Authors: X. Tian, X. Xiao, E. S. Chng, and H. Li
Title: Spoofing Speech Detection using Temporal Convolutional Neural Network
Abstract: Spoofing speech detection aims to differentiate spoofing speech from natural speech. Frame-based features are usually used in most of previous works. Although multiple frames or dynamic features are used to form a super-vector to represent the temporal information, the time span covered by these features are not sufficient. Most of the systems failed to detect the non-vocoder or unit selection based spoofing attacks.

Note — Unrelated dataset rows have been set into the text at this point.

Lemma Phi_gt_1 r y : 0 < r -> y < G beta 1 -> 1 < Phi r y.
Proof.
  intros Hr Hy. assert (Hl := l_pos beta hbeta). assert (Hl3 := l_lt_third beta hbeta).
  assert (Hg : y < g beta) by (assert (G beta 1 <= g beta) by (apply G_le_g; lra); lra).
  assert (HK1 : 1 < K beta y) by (apply lt_K; lra).
  assert (HK2 : l beta <= K beta (y - 3 * r / 2)) by (apply K_spec; lra).
  assert (HH : 0 < H beta y) by (apply H_spec; lra).
  unfold Phi. lra.
Qed.

(* Below r1 the value K (g - 3r/2) leaves room e below 1 - 2l, and taking y
   close enough to g puts each K-term within e of its limit. *)
Lemma Phi_lt_1_below_g r : 0 < r < r1 beta -> exists y, y < g beta /\ Phi r y < 1.
Proof.
  intros Hr. assert (Hl := l_pos beta hbeta). assert (Hl3 := l_lt_third beta hbeta).
  set (c0 := K beta (g beta - 3 * r / 2)).
  destruct (K_spec beta hbeta (g beta - 3 * r / 2) ltac:(lra)) as [Hc0 Gc0]. fold c0 in Hc0, Gc0.
  assert (Hc1 : c0 < 1 - 2 * l beta)
    by (apply (K_lt beta hbeta); [|rewrite G_one_sub_2l|]; lra).
  set (e := (1 - c0 - 2 * l beta) / 3).
  assert (He : 0 < e) by (unfold e; lra).
  set (ymax := Rmax (G beta (l beta + e)) (G beta (c0 + e) + 3 * r / 2)).
  assert (Hm1 : G beta (l beta + e) <= ymax) by apply Rmax_l.
  assert (Hm2 : G beta (c0 + e) + 3 * r / 2 <= ymax) by apply Rmax_r.
  assert (Hmg : ymax < g beta).
  { apply Rmax_lub_lt.
    - apply G_decr; lra.
    - assert (G beta (c0 + e) < G beta c0) by (apply G_decr; lra). lra. }
  exists ((ymax + g beta) / 2). split; [lra|].
  assert (HK1 : K beta ((ymax + g beta) / 2) < l beta + e) by (apply K_lt; lra).
  assert (HK2 : K beta ((ymax + g beta) / 2 - 3 * r / 2) < c0 + e) by (apply K_lt; lra).
  assert (HH : H beta ((ymax + g beta) / 2) <= l beta) by (apply H_spec; lra).
  unfold Phi, e in *. lra.
Qed.

Lemma y1_ex r : 0 < r < r1 beta ->
  exists y, y <= g beta /\ K beta (y - 3 * r / 2) + H beta y + K beta y = 1.
Proof.
  intros Hr. destruct (Phi_lt_1_below_g r Hr) as [yh [Hyh HPhi]].
  set (yl := Rmin (G beta 1) yh - 1).
  assert (Hyl : yl < G beta 1 /\ yl < yh)
    by (assert (Hm1 := Rmin_l (G beta 1) yh); assert (Hm2 := Rmin_r (G beta 1) yh); unfold yl; lra).
  destruct (IVT_decr (Phi r) yl yh 1) as [y [Hy HPy]]; [lra| |split; [exact HPhi|apply Phi_gt_1; lra]|].
  - intros a Ha. apply Phi_continuity_pt; lra.
  - exists y. split; [lra|exact HPy].
Qed.

Lemma y1_spec r : 0 < r < r1 beta ->
  y1 beta r <= g beta /\
  K beta (y1 beta r - 3 * r / 2) + H beta (y1 beta r) + K beta (y1 beta r) = 1.
Proof. intros Hr. unfold y1, the. apply epsilon_spec, y1_ex, Hr. Qed.

Lemma y1_lt_g r : 0 < r < r1 beta -> y1 beta r < g beta.
Proof.
  intros Hr. destruct (y1_spec r Hr) as [[Hlt|Heq] Hsum]; [exact Hlt|exfalso].
  rewrite Heq, H_g, K_g in Hsum by exact hbeta.
  destruct (K_spec beta hbeta (g beta - 3 * r / 2) ltac:(lra)) as [_ HG].
  replace (K beta (g beta - 3 * r / 2)) with (1 - 2 * l beta) in HG by lra.
  rewrite G_one_sub_2l in HG. lra.
Qed.

Lemma lline1_argmin r : 0 < r < r1 beta ->
  forall x, is_argmin (lline1 beta r) (fun z => F beta z r) x <->
            x = sigma1 beta r \/ x = sigma2 beta r.
Proof.
  intros Hr. assert (Hl := l_pos beta hbeta).
  assert (Hy := y1_lt_g r Hr). destruct (y1_spec r Hr) as [_ Hsum].
  unfold sigma1, sigma2, lline1. set (y := y1 beta r) in *.
  assert (Hh := H_lt_l beta hbeta y Hy). assert (Hk := K_gt_l beta hbeta y Hy).
  destruct (H_spec beta hbeta y ltac:(lra)) as [[Hh0 _] GH].
  destruct (K_spec beta hbeta y ltac:(lra)) as [_ GK].
  assert (HK' : l beta <= K beta (y - 3 * r / 2)) by (apply K_spec; lra).
  set (a := (H beta y + K beta y) / 2). set (m := (K beta y - H beta y) / 2).
  assert (Hp : a + m = K beta y) by (unfold a, m; field).
  assert (Hq : a - m = H beta y) by (unfold a, m; field).
  assert (Hroot : Gdiff beta a m = 0) by (unfold Gdiff; rewrite Hp, Hq; lra).
  destruct (Gdiff_sign_of_root beta a m ltac:(lra) ltac:(unfold a, m; lra) Hroot) as [Hneg Hpos].
  intros x. rewrite (line_argmin beta r a m); try assumption; try lra.
  - rewrite Hp, Hq. tauto.
  - intros z. unfold a. replace (2 * ((H beta y + K beta y) / 2)) with (H beta y + K beta y) by field.
    tauto.
Qed.

End BelowR1.

Definition log_ratio (t : R) : R := ln ((1 - 2 * t) / t).

Lemma log_ratio_pos t : 0 < t < 1 / 3 -> 0 < log_ratio t.
Proof.
  intros Ht. unfold log_ratio. rewrite <- ln_1. apply ln_increasing; [lra|].
  apply (Rmult_lt_reg_r t); [lra|]. field_simplify; lra.
Qed.

Lemma log_ratio_third : log_ratio (1 / 3) = 0.
Proof. unfold log_ratio. replace ((1 - 2 * (1 / 3)) / (1 / 3)) with 1 by field. apply ln_1. Qed.

Lemma h_derive t : 0 < t < 1 / 2 -> derivable_pt_lim h t (-3 * (1 - 4 * t) * log_ratio t).
Proof.
  intros Ht. apply is_derive_Reals. unfold h, log_ratio.
  auto_derive.
  - split; [lra|split; [|exact I]].
    apply Rmult_lt_0_compat; [lra|apply Rinv_0_lt_compat; lra].
  - replace ((1 + - (2 * t)) * / t) with ((1 - 2 * t) / t) by (unfold Rdiv; ring).
    field. lra.
Qed.

Lemma h_continuity_pt t : 0 < t < 1 / 2 -> continuity_pt h t.
Proof. intros Ht. eapply derivable_pt_lim_continuity_pt, h_derive, Ht. Qed.

Lemma h_decr x y : 0 < x -> x < y -> y <= 1 / 4 -> h y < h x.
Proof.
  intros Hx Hxy Hy. apply (deriv_neg_decr _ (fun t => -3 * (1 - 4 * t) * log_ratio t)); [lra| |].
  - intros c Hc. apply h_derive. lra.
  - intros c Hc. assert (0 < log_ratio c) by (apply log_ratio_pos; lra). nra.
Qed.

Lemma h_incr x y : 1 / 4 <= x -> x < y -> y <= 1 / 3 -> h x < h y.
Proof.
  intros Hx Hxy Hy. apply (deriv_pos_incr _ (fun t => -3 * (1 - 4 * t) * log_ratio t)); [lra| |].
  - intros c Hc. apply h_derive. lra.
  - intros c Hc. assert (0 < log_ratio c) by (apply log_ratio_pos; lra). nra.
Qed.

Lemma h_pos_lt_quarter t : t < 1 / 3 -> 0 < h t -> t < 1 / 4.
Proof.
  intros Ht Hh. destruct (Rlt_or_le t (1 / 4)) as [|Hge]; [assumption|exfalso].
  assert (Hthird : h (1 / 3) = 0).
  { unfold h. fold (log_ratio (1 / 3)). rewrite log_ratio_third. field. }
  assert (h t < h (1 / 3)) by (apply h_incr; lra). lra.
Qed.

(* At t = q^2 with q = (1 - r) / 12, log ((1 - 2t) / t) <= 2 log (1 / q) < 2 / q
   makes h (t) > 1 - 12 q = r. *)
Lemma h_gt_near_0 r : 0 < r < 1 -> r < h (((1 - r) / 12) ^ 2).
Proof.
  intros Hr. set (q := (1 - r) / 12). assert (Hq : 0 < q < 1 / 12) by (unfold q; lra).
  set (t := q ^ 2).
  assert (Ht : 0 < t) by (unfold t; nra).
  assert (Hlog : log_ratio t < 2 / q).
  { unfold log_ratio.
    assert (Hle : ln ((1 - 2 * t) / t) <= ln (/ q * / q)).
    { apply ln_le; [apply Rdiv_lt_0_compat; unfold t in *; nra|].
      unfold t. replace (/ q * / q) with (1 / q ^ 2) by (field; lra).
      apply Rmult_le_compat_r; [left; apply Rinv_0_lt_compat; nra|nra]. }
    rewrite ln_mult in Hle by (apply Rinv_0_lt_compat; lra).
    assert (Hinv := ln_le_sub1 (/ q) ltac:(apply Rinv_0_lt_compat; lra)).
    unfold Rdiv. lra. }
  unfold h. fold (log_ratio t).
  assert (Hpos : 0 < log_ratio t) by (apply log_ratio_pos; split; [exact Ht|unfold t; nra]).
  assert (t * log_ratio t < t * (2 / q)) by (apply Rmult_lt_compat_l; assumption).
  assert (Hq2 : t * (2 / q) = 2 * q) by (unfold t; field; lra).
  assert (3 * t <= q) by (unfold t, q in *; nra).
  assert (0 <= t * t * log_ratio t) by (apply Rmult_le_pos; [nra|lra]).
  assert (r = 1 - 12 * q) by (unfold q; field).
  nra.
Qed.

Lemma m0_ex r : 0 < r < 1 -> exists t, 0 < t < k r /\ h t = r.
Proof.
  intros Hr. set (t0 := ((1 - r) / 12) ^ 2).
  assert (Ht0 : 0 < t0 < k r) by (unfold t0, k; split; nra).
  assert (Hk : k r < 1 / 3) by (unfold k; lra).
  assert (Hhk : h (k r) < r).
  { assert (0 < log_ratio (k r)) by (apply log_ratio_pos; unfold k; lra).
    unfold h. fold (log_ratio (k r)).
    assert (0 < k r * (1 - 2 * k r) * log_ratio (k r)) by (apply Rmult_lt_0_compat; [unfold k; nra|lra]).
    unfold k in *. lra. }
  destruct (IVT_decr h t0 (k r) r) as [t [Ht Hht]]; [lra| |split; [exact Hhk|apply h_gt_near_0; lra]|].
  - intros a Ha. apply h_continuity_pt. lra.
  - exists t. split; [lra|exact Hht].
Qed.

Lemma m0_spec r : 0 < r < 1 -> 0 < m0 r < k r /\ h (m0 r) = r.
Proof. intros Hr. unfold m0, the. apply epsilon_spec, m0_ex, Hr. Qed.

Lemma m0_lt r t : 0 < r < 1 -> 0 < t -> h t < r -> m0 r < t.
Proof.
  intros Hr Ht Hh. destruct (m0_spec r Hr) as [[Hm0 Hm0k] Hhm0].
  assert (Hm0q : m0 r < 1 / 4) by (apply h_pos_lt_quarter; unfold k in *; lra).
  destruct (Rlt_or_le (m0 r) t) as [|Hle]; [assumption|exfalso].
  destruct (Req_dec t (m0 r)) as [Heq|Hne]; [rewrite Heq in Hh; lra|].
  assert (h (m0 r) < h t) by (apply h_decr; lra). lra.
Qed.

Section AboveR1.

Variable beta : R.
Hypothesis hbeta : 2 < beta.

Definition r_at (t : R) : R := 1 - 3 * t - l beta * log_ratio t.

(* The smaller root of 3t (1 - 2t) = l, where h and r_at meet. *)
Definition tstar : R := (1 - sqrt (1 - 8 * l beta / 3)) / 4.

Lemma f_eq_of_r_at r t : 0 < t < 1 / 3 -> r_at t = r -> Defs.f r t = beta.
Proof.
  intros Ht Hr. assert (Hlog := log_ratio_pos t Ht). unfold Defs.f. fold (log_ratio t).
  replace (1 - r - 3 * t) with (l beta * log_ratio t) by (rewrite <- Hr; unfold r_at; ring).
  unfold l. field. lra.
Qed.

Lemma r_at_of_f_eq r t : 0 < t < k r -> Defs.f r t = beta -> r_at t = r.
Proof.
  intros Ht Hf. unfold Defs.f in Hf. fold (log_ratio t) in Hf. unfold k in Ht.
  assert (Hlog : log_ratio t = 3 * beta / 2 * (1 - r - 3 * t)) by (rewrite <- Hf; field; lra).
  unfold r_at, l. rewrite Hlog. field. lra.
Qed.

Lemma h_sub_r_at t : h t - r_at t = log_ratio t * (l beta - 3 * t * (1 - 2 * t)).
Proof. unfold h, r_at, log_ratio. ring. Qed.

Lemma r_at_derive t : 0 < t < 1 / 2 ->
  derivable_pt_lim r_at t (-3 + l beta / (t * (1 - 2 * t))).
Proof.
  intros Ht. apply is_derive_Reals. unfold r_at, log_ratio.
  auto_derive.
  - split; [lra|split; [|exact I]].
    apply Rmult_lt_0_compat; [lra|apply Rinv_0_lt_compat; lra].
  - field. lra.
Qed.

Lemma r_at_continuity_pt t : 0 < t < 1 / 2 -> continuity_pt r_at t.
Proof. intros Ht. eapply derivable_pt_lim_continuity_pt, r_at_derive, Ht. Qed.

Lemma tstar_spec : 3 * tstar * (1 - 2 * tstar) = l beta /\ 0 < tstar < 1 / 6.
Proof.
  assert (Hl := l_pos beta hbeta). assert (Hl3 := l_lt_third beta hbeta).
  unfold tstar. set (w := 1 - 8 * l beta / 3).
  assert (Hsq : sqrt w * sqrt w = w) by (apply sqrt_sqrt; unfold w; lra).
  assert (Hsq0 : 0 <= sqrt w) by apply sqrt_pos.
  split.
  - replace (3 * ((1 - sqrt w) / 4) * (1 - 2 * ((1 - sqrt w) / 4)))
      with (3 * (1 - sqrt w * sqrt w) / 8) by field.
    rewrite Hsq. unfold w. field.
  - assert (sqrt w < 1) by (unfold w in *; nra).
    assert (1 / 3 < sqrt w) by (unfold w in *; nra).
    lra.
Qed.

Lemma tstar_lt_quad t : tstar < t <= 1 / 3 -> l beta < 3 * t * (1 - 2 * t).
Proof.
  intros Ht. destruct tstar_spec as [Hroot Hts].
  assert (Hfactor : 3 * t * (1 - 2 * t) - l beta = -6 * (t - tstar) * (t - (1 / 2 - tstar)))
    by (rewrite <- Hroot; field).
  nra.
Qed.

In this work, we propose to use a temporal convolutional neural network (CNN) based classifier for spoofing speech detection. The temporal CNN first convolves the feature trajectories with a set of filters, then extract the maximum responses of these filters within a time window using a max-pooling layer. Due to the use of max-pooling, we can extract useful information from a long temporal span without concatenating a large number of neighbouring frames, as in feedforward deep neural network (DNN). Five types of feature are employed to access the performance of proposed classifier. Experimental results on ASVspoof 2015 corpus show that the temporal CNN based classifier is effective for synthetic speech detection. Specifically, the proposed method brings a significant performance boost for the unit selection based spoofing speech detection.
Keywords: 
Conference Name: 8th Asia-Pacific Signal and Information Processing Association Annual Summit and Conference (APSIPA’16)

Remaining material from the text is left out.